Aim of the task: Give, as a bare number, the count of lines below that contain "maximal".

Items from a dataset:
(* The pair formed by h (a child of t on side b) and h2 (on side ~~ b),
   in the order of the children of t. *)
Definition opair (b : bool) (h h2 : V) : V * V := if b then (h2, h) else (h, h2).

(* sib_g(h) for t1 = rcons p b, t = p, t2 = rcons p (~~ b) *)
Definition sib C (p : seq bool) (b : bool) (g h : V) : {set V} :=
  [set h2 | [&& h2 \in nodes C, pos C h2 == rcons p (~~ b) & opair b h h2 \in edges C g]].

Definition twins C (p : seq bool) (b : bool) (h h' : V) : Prop :=
  [/\ h \in nodes C, h' \in nodes C, pos C h = rcons p b /\ pos C h' = rcons p b,
      h != h' &
      forall g, g \in nodes C -> pos C g = p -> sib C p b g h = sib C p b g h'].

(* Label of the merged node when t1 is a leaf: the literal computing the
   disjunction of the two literals. *)
Definition or_lit (a b : lit) : lit :=
  match a, b with
  | LOne, _ | _, LOne => LOne
  | LPos, LNeg | LNeg, LPos => LOne
  | LZero, c => c
  | c, LZero => c
  | LPos, LPos => LPos
  | LNeg, LNeg => LNeg
  end.

(* Contracting twins h, h' (t-nodes' parent address p): the new node v
   reuses the name h; h' is deleted. *)
Definition contract C (p : seq bool) (h h' : V) : circuit V :=
  {| nodes := nodes C :\ h';
     pos := pos C;
     lab := fun x => if x == h then or_lit (lab C h) (lab C h') else lab C x;
     edges := fun x =>
       if x == h then edges C h :|: edges C h'
       else if pos C x == p then
         [set e in edges C x | (e.1 != h') && (e.2 != h')]
       else edges C x;
     out := out C |}.

End Circ.
(* Call a combination f_j + sum_(l > j) c_l f_l a tail at j.  If some tail vanishes, f_j is a
   combination of later blocks and the index j can be eliminated.  Otherwise,
   for each j pick a tail of maximal valuation v_j: then alpha_j <= v_j < p,
   and the v_j are pairwise distinct (two tails of equal valuation could be
   combined to cancel their lowest terms).  P is a nonzero multiple of a tail
   at its first index j0, so val P <= v_j0.  Finally a Wronskian argument on
   these maximal tails g_j at the m indices j >= j0 gives
   sum v_j <= sum alpha_j + C(m,2), hence v_j0 <= alpha_j0 + C(m,2):
   with Y = X(1+X), the determinant of (Y^i g_j^(i)) factors both as
   X^(sum v_j) times a polynomial not vanishing at 0 (a falling-factorial
   determinant at the distinct v_j < p) and as X^(sum alpha_j) (1+X)^(sum
   beta_j) times a polynomial of size <= C(m,2)+1. *)

Section Valuation.
Variable K : fieldType.
Implicit Types (h q : {poly K}) (n : nat).

Lemma XsubC0 : ('X - 0%:P : {poly K}) = 'X.
Proof. by rewrite subr0. Qed.

Lemma pval_mup h : h != 0 -> pval h = mup 0 h.
Proof.
move=> h0; apply/eqP; rewrite eqn_leq; apply/andP; split.
  by apply/bigmax_leqP => v dv; rewrite mup_geq // XsubC0.
have dv : 'X^(mup 0 h) %| h by rewrite -XsubC0 -mup_geq.
have lt : (mup 0 h < size h)%N by rewrite -(size_polyXn K) dvdp_leq.
exact: (leq_bigmax_cond (Ordinal lt)).
Qed.

Lemma pval_geq h n : h != 0 -> (n <= pval h)%N = ('X^n %| h).
Proof. by move=> h0; rewrite pval_mup // mup_geq // XsubC0. Qed.

Lemma dvdp_Xpval h : 'X^(pval h) %| h.
Proof.
have [->|h0] := eqVneq h 0; first exact: dvdp0.
by rewrite -pval_geq.
Qed.

Lemma pval_lt_size h : h != 0 -> (pval h < size h)%N.
Proof. by move=> h0; rewrite -(size_polyXn K) dvdp_leq // -pval_geq. Qed.

Lemma pvalM h q : h != 0 -> q != 0 -> pval (h * q) = (pval h + pval q)%N.
Proof. by move=> h0 q0; rewrite !pval_mup ?mulf_neq0 // mupM. Qed.

Lemma neq0_at0 h : h.[0] != 0 -> h != 0.
Proof. by apply: contraNneq => ->; rewrite horner0. Qed.

Lemma pval_eq0 h : h.[0] != 0 -> pval h = 0%N.
Proof. by move=> h00; rewrite pval_mup ?neq0_at0 // mupNroot. Qed.

Lemma pvalXn n : pval ('X^n : {poly K}) = n.
Proof. by rewrite pval_mup ?monic_neq0 ?monicXn // -XsubC0 mup_XsubCX eqxx. Qed.

Lemma pvalZ (c : K) h : c != 0 -> pval (c *: h) = pval h.
Proof.
move=> c0; have [->|h0] := eqVneq h 0; first by rewrite scaler0.
by rewrite -mul_polyC pval_mup ?mulf_neq0 ?polyC_eq0 // mupMr ?rootC // pval_mup.
Qed.

Lemma pvalM_unit h q : h != 0 -> q.[0] != 0 -> pval (h * q) = pval h.
Proof. by move=> h0 q0; rewrite !pval_mup ?mulf_neq0 ?(neq0_at0 q0) // mupMl. Qed.

Lemma pvalMXn h n : h != 0 -> pval (h * 'X^n) = (pval h + n)%N.
Proof. by move=> h0; rewrite pvalM ?pvalXn // monic_neq0 // monicXn. Qed.

Definition punit h : {poly K} := h %/ 'X^(pval h).

Lemma punitK h : 'X^(pval h) * punit h = h.
Proof. by rewrite mulrC divpK // dvdp_Xpval. Qed.

Lemma punit0 h : h != 0 -> (punit h).[0] != 0.
Proof.
move=> h0; apply/negP => /factor_theorem[q eq_u].
have : 'X^((pval h).+1) %| h.
  by rewrite -{2}(punitK h) eq_u XsubC0 mulrCA -exprSr dvdp_mulIr.
by rewrite -pval_geq // ltnn.
Qed.
(* Let $F\in\{\triangle_0,\mathcal{T}\mathbb{R}_0,\mathcal{T}\mathbb{C}_0,\mathcal{T}\triangle_0\}$. Define $H:F\times[0,1]\to F$ by $H(0,t)=0$ and $H(x,t)=x|x|^{-t}$ for $x\ne0$. Then $H$ is a hyperfield homotopy. Moreover $H_0$ is the identity and $H_1(x)=\operatorname{ph}(x)$.
   Context: Hyperfields. A hyperfield $(F,\odot,\boxplus,1,0)$ has the following data and axioms. - $\odot$ is a commutative multiplication and $\boxplus$ is a hyperaddition assigning to each $x,y$ a nonempty subset $x\boxplus y\subseteq F$ (extended to subsets by unions). - $\boxplus$ is commutative and associative, and $x\boxplus 0=\{x\}$. - Each $x$ has a unique $-x$ with $0\in x\boxplus(-x)$, and $x\in y\boxplus z \iff z\in x\boxplus(-y)$. - $(F\setminus\{0\},\odot,1)$ is an abelian group, $0\odot x=0$, and $x\odot(y\boxplus z)=(x\odot y)\boxplus(x\odot z)$. A homomorphism $h$ satisfies $h(0)=0$, $h(1)=1$, $h(xy)=h(x)h(y)$ and $h(x\boxplus y)\subseteq h(x)\boxplus h(y)$. Topological hyperfields. A topological hyperfield is a hyperfield with a topology in which $F\setminus\{0\}$ is open, multiplication is continuous, and inversion on $F^\times$ is continuous. If $T$ is the topology, the 0-coarse topology has as open sets $F$ together with all $U\in T$ with $0\notin U$. A hyperfield homotopy between topological hyperfields $F,F'$ is a continuous $H:F\times[0,1]\to F'$ such that each $H_t=H(\cdot,t)$ is a hyperfield homomorphism. The hyperfields in the claim all use the usual multiplication of $\mathbb{C}$. - $\triangle=\mathbb{R}_{\ge0}$ with $a\boxplus b=[|a-b|,a+b]$. - $\mathcal{T}\triangle=\mathbb{R}_{\ge0}$ with $a\boxplus b=\{\max(a,b)\}$ if $a\ne b$, and $a\boxplus a=[0,a]$. - $\mathcal{T}\mathbb{R}=\mathbb{R}$ with $a\boxplus b=\{a\}$ if $|a|>|b|$ or $a=b$, and $a\boxplus(-a)=[-|a|,|a|]$. - $\mathcal{T}\mathbb{C}=\mathbb{C}$ with the following hyperaddition: $a\boxplus b=\{a\}$ if $|a|>|b|$; $a\boxplus(-a)$ is the closed disk $\{x:|x|\le|a|\}$; if $|a|=|b|$ and $b\ne-a$, then $a\boxplus b$ is the shortest closed arc from $a$ to $b$ on the circle of radius $|a|$ centered at $0$. The subscript $0$ means the 0-coarse topology derived from the usual Euclidean topology. $\operatorname{ph}(x)=x/|x|$ for $x\ne0$, and $\operatorname{ph}(0)=0$. *)

From Stdlib Require Import Reals Lra.
Open Scope R_scope.

Definition C : Type := (R * R)%type.
Definition C0 : C := (0, 0).
Definition C1 : C := (1, 0).
Definition Re (z : C) : R := fst z.
Definition Im (z : C) : R := snd z.
Definition Cmul (z w : C) : C :=
  (fst z * fst w - snd z * snd w, fst z * snd w + snd z * fst w).
Definition Copp (z : C) : C := (- fst z, - snd z).
Definition Cscale (r : R) (z : C) : C := (r * fst z, r * snd z).
Definition Cnorm (z : C) : R := sqrt (fst z * fst z + snd z * snd z).

Lemma Ceq_dec : forall z w : C, {z = w} + {z <> w}.
Proof.
  intros [a b] [c d].
  destruct (Req_EM_T a c) as [H1|H1]; [destruct (Req_EM_T b d) as [H2|H2]|].
  - left; subst; reflexivity.
  - right; intros H; inversion H; contradiction.
  - right; intros H; inversion H; contradiction.
Defined.

(** rotation of z by angle th (multiplication by e^{i th}) *)
Definition Crot (th : R) (z : C) : C :=
  (fst z * cos th - snd z * sin th, fst z * sin th + snd z * cos th).

Definition ph (x : C) : C :=
  if Ceq_dec x C0 then C0 else Cscale (/ Cnorm x) x.

Definition Hmap (x : C) (t : R) : C :=
  if Ceq_dec x C0 then C0 else Cscale (Rpower (Cnorm x) (- t)) x.

(** * The four hyperfields (all with the usual multiplication of C) *)
Inductive HF : Type := Tri | TTri | TR | TC.

(** carriers, as subsets of C:  triangle, T-triangle = R_{>=0};  TR = R;  TC = C *)
Definition car (F : HF) (x : C) : Prop :=
  match F with
  | Tri | TTri => Im x = 0 /\ 0 <= Re x
  | TR => Im x = 0
  | TC => True
  end.

(** z lies on the shortest closed arc from a to b on the circle of radius |a|
    (used only when |a| = |b| and b <> -a): b = e^{i phi} a with |phi| < pi,
    and z = e^{i theta} a with theta between 0 and phi. *)
Definition on_short_arc (a b z : C) : Prop :=
  exists phi, - PI < phi < PI /\ b = Crot phi a /\
    exists theta, Rmin 0 phi <= theta <= Rmax 0 phi /\ z = Crot theta a.
Theorem mainTheorem4 (R : realType) (X : metricType R) (N : nat)
    (f : 'I_N -> R -> X -> X) (qt : 'I_N -> R -> X) (q : 'I_N -> X) :
  @complete_space R X ->
  (2 <= N)%N ->
  (* each f_(i,t), t in [0,1], is a continuous self-map of X *)
  (forall i t, 0 <= t <= 1 -> continuous (f i t)) ->
  (* (H1) *)
  (forall i x (t0 : R), 0 <= t0 <= 1 ->
     (fun t => f i t x) @ within [set t : R | 0 <= t <= 1] (nbhs t0) --> f i t0 x) ->
  (* (H2) *)
  (forall t, 0 <= t < 1 -> (LipF (fun i => f i t) < 1%:E)%E) ->
  (* (H3): qt i t is the (unique) fixed point of f_(i,t) for t in [0,1), and q_i is its limit *)
  (forall i t, 0 <= t < 1 -> f i t (qt i t) = qt i t) ->
  (forall i, qt i t @[t --> 1^'-] --> q i) ->
  (* the monoid generated by the maps f_(i,1), i in J, is a compact IFS *)
  compact_IFS (monoid [set f i 1 | i in [set i | Lip (f i 1) = 1%:E]]) ->
  exists A : set X, lower_transition_attractor f q A /\ compact A.
Proof.
move=> cX N2 f_cont H1 H2 H3 H3_lim MJ_compact.
have f1_cont i : continuous (f i 1) by apply: f_cont; rewrite ler01 lexx.
have f1_nonexp := f1_nonexpansive H1 H2.
have [lam /andP[lam_ge0 lam_lt1] f1_contr] : exists2 lam, 0 <= lam < 1 &
    forall i, Lip (f i 1) <> 1%:E -> lipschitz_with lam (f i 1).
  apply: uniform_contraction => i Li1; apply: Lip_lt1_contraction.
  by rewrite lt_neqAle; apply/andP; split; [apply/eqP | apply/Lip_leP].
exists (closure (monoid_orbit (fam_at f 1) (range q))); split.
  exact: lower_transition_attractor_closure_orbit f1_cont (f1_fixed_point H1 H2 H3 H3_lim).
apply: totally_bounded_closure_compact cX _.
pose J := [set i | Lip (f i 1) = 1%:E].
apply: (totally_boundedS (@monoid_orbit_reachable _ _ _ (fun i => f i 1) q J)).
pose i0 : 'I_N := Ordinal (leq_trans (isT : (0 < 2)%N) N2).
exact: (@reachable_totally_bounded _ _ _ _ q J lam (q i0) f1_cont
  (fun i _ => f1_nonexp i) f1_contr lam_ge0 lam_lt1 MJ_compact).
Qed.
Lemma odd_extend_perm s : odd_perm (extend_perm s) = odd_perm s.
Proof.
case: (prod_tpermP s) => ts -> dts.
rewrite (big_morph extend_perm extend_permM extend_perm1).
under eq_bigr do rewrite extend_perm_tperm.
rewrite -(big_map (fun t => (enum_val t.1, enum_val t.2)) xpredT
                  (fun t => tperm t.1 t.2)).
rewrite !odd_perm_prod ?size_map // all_map.
by apply: sub_all dts => t; rewrite /dpair /= (inj_eq enum_val_inj).
Qed.

Lemma perm_on_extend_perm s : perm_on S (extend_perm s).
Proof.
apply/subsetP => x; rewrite inE; apply: contraNT => xS.
by rewrite extend_perm_out.
Qed.

Lemma extend_perm_onto : [set extend_perm s | s in 'S_#|S|] = [set s | perm_on S s].
Proof.
apply/eqP; rewrite eqEcard; apply/andP; split.
  by apply/subsetP => _ /imsetP [s _ ->]; rewrite inE perm_on_extend_perm.
rewrite card_imset; last exact: extend_perm_inj.
rewrite (eq_card (B := perm_on S)) ?card_perm; last by move=> s; rewrite inE.
by rewrite card_Sn.
Qed.

Lemma big_perm_on (R : nmodType) (f : {perm V} -> R) :
  \sum_(s | perm_on S s) f s = \sum_(s : 'S_#|S|) f (extend_perm s).
Proof.
rewrite -(big_imset _ (in2W extend_perm_inj)) /= extend_perm_onto.
by apply: eq_bigl => s; rewrite inE.
Qed.

End ExtendPerm.

Section PermExpansion.
Variables (R : comPzRingType) (V : finType) (m : V -> V -> R).

Definition det_on (S : {set V}) : R :=
  \sum_(s : {perm V} | perm_on S s) (-1) ^+ s * \prod_(x in S) m x (s x).

Lemma det_on_mx (S : {set V}) :
  \det (\matrix_(i, j) m (enum_val i) (enum_val j) : 'M_#|S|) = det_on S.
Proof.
rewrite /det_on big_perm_on; apply: eq_bigr => s _.
rewrite odd_extend_perm (big_enum_val (A := mem S)) /=; congr (_ * _).
by apply: eq_bigr => i _; rewrite extend_perm_enum_val mxE.
Qed.

Variables (A B : {set V}).
Hypothesis dAB : [disjoint A & B].

Let inA_inB x : x \in A -> (x \in B) = false.
Proof. exact: disjointFr. Qed.

Let inB_inA x : x \in B -> (x \in A) = false.
Proof. exact: disjointFl. Qed.

Let mulpE (p q : {perm V}) : perm_on A p -> perm_on B q ->
  forall x, (p * q)%g x = if x \in A then p x else q x.
Proof.
move=> pA qB x; rewrite permM; case: ifP => xA.
  by rewrite (out_perm qB) // inA_inB // (perm_closed _ pA).
by rewrite (out_perm pA) ?xA.
Qed.

Let stabilizes_complement s : perm_on (A :|: B) s -> (s \in 'N(A | 'P))%g ->
  (s \in 'N(B | 'P))%g.
Proof.
move=> sAB /astabsP sA; apply/astabsP => x /=.
have {}sA y : (s y \in A) = (y \in A) by exact: sA.
case: (boolP (x \in A)) => xA; first by rewrite !inA_inB ?sA.
case: (boolP (x \in B)) => xB.
  by move: (perm_closed x sAB); rewrite apermE !inE sA (negbTE xA) xB.
by rewrite apermE (out_perm sAB) ?(negbTE xB) // inE negb_or xA.
Qed.

Let mul_perm_on_disjointU p q : perm_on A p -> perm_on B q ->
  perm_on (A :|: B) (p * q)%g && ((p * q)%g \in 'N(A | 'P))%g.
Proof.
move=> pA qB; apply/andP; split.
  apply/subsetP => x; rewrite inE mulpE //; case: ifP => xA; rewrite inE ?xA //.
  by apply: contraNT => xB; rewrite (out_perm qB).
apply/astabsP => x /=; rewrite apermE mulpE //.
case: ifP => xA; first by rewrite (perm_closed _ pA) xA.
case: (boolP (x \in B)) => xB; last by rewrite (out_perm qB) ?xA.
have qxB : q x \in B by rewrite (perm_closed _ qB).
by apply: contraTF _ qxB => /inA_inB ->.
Qed.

Task response: 2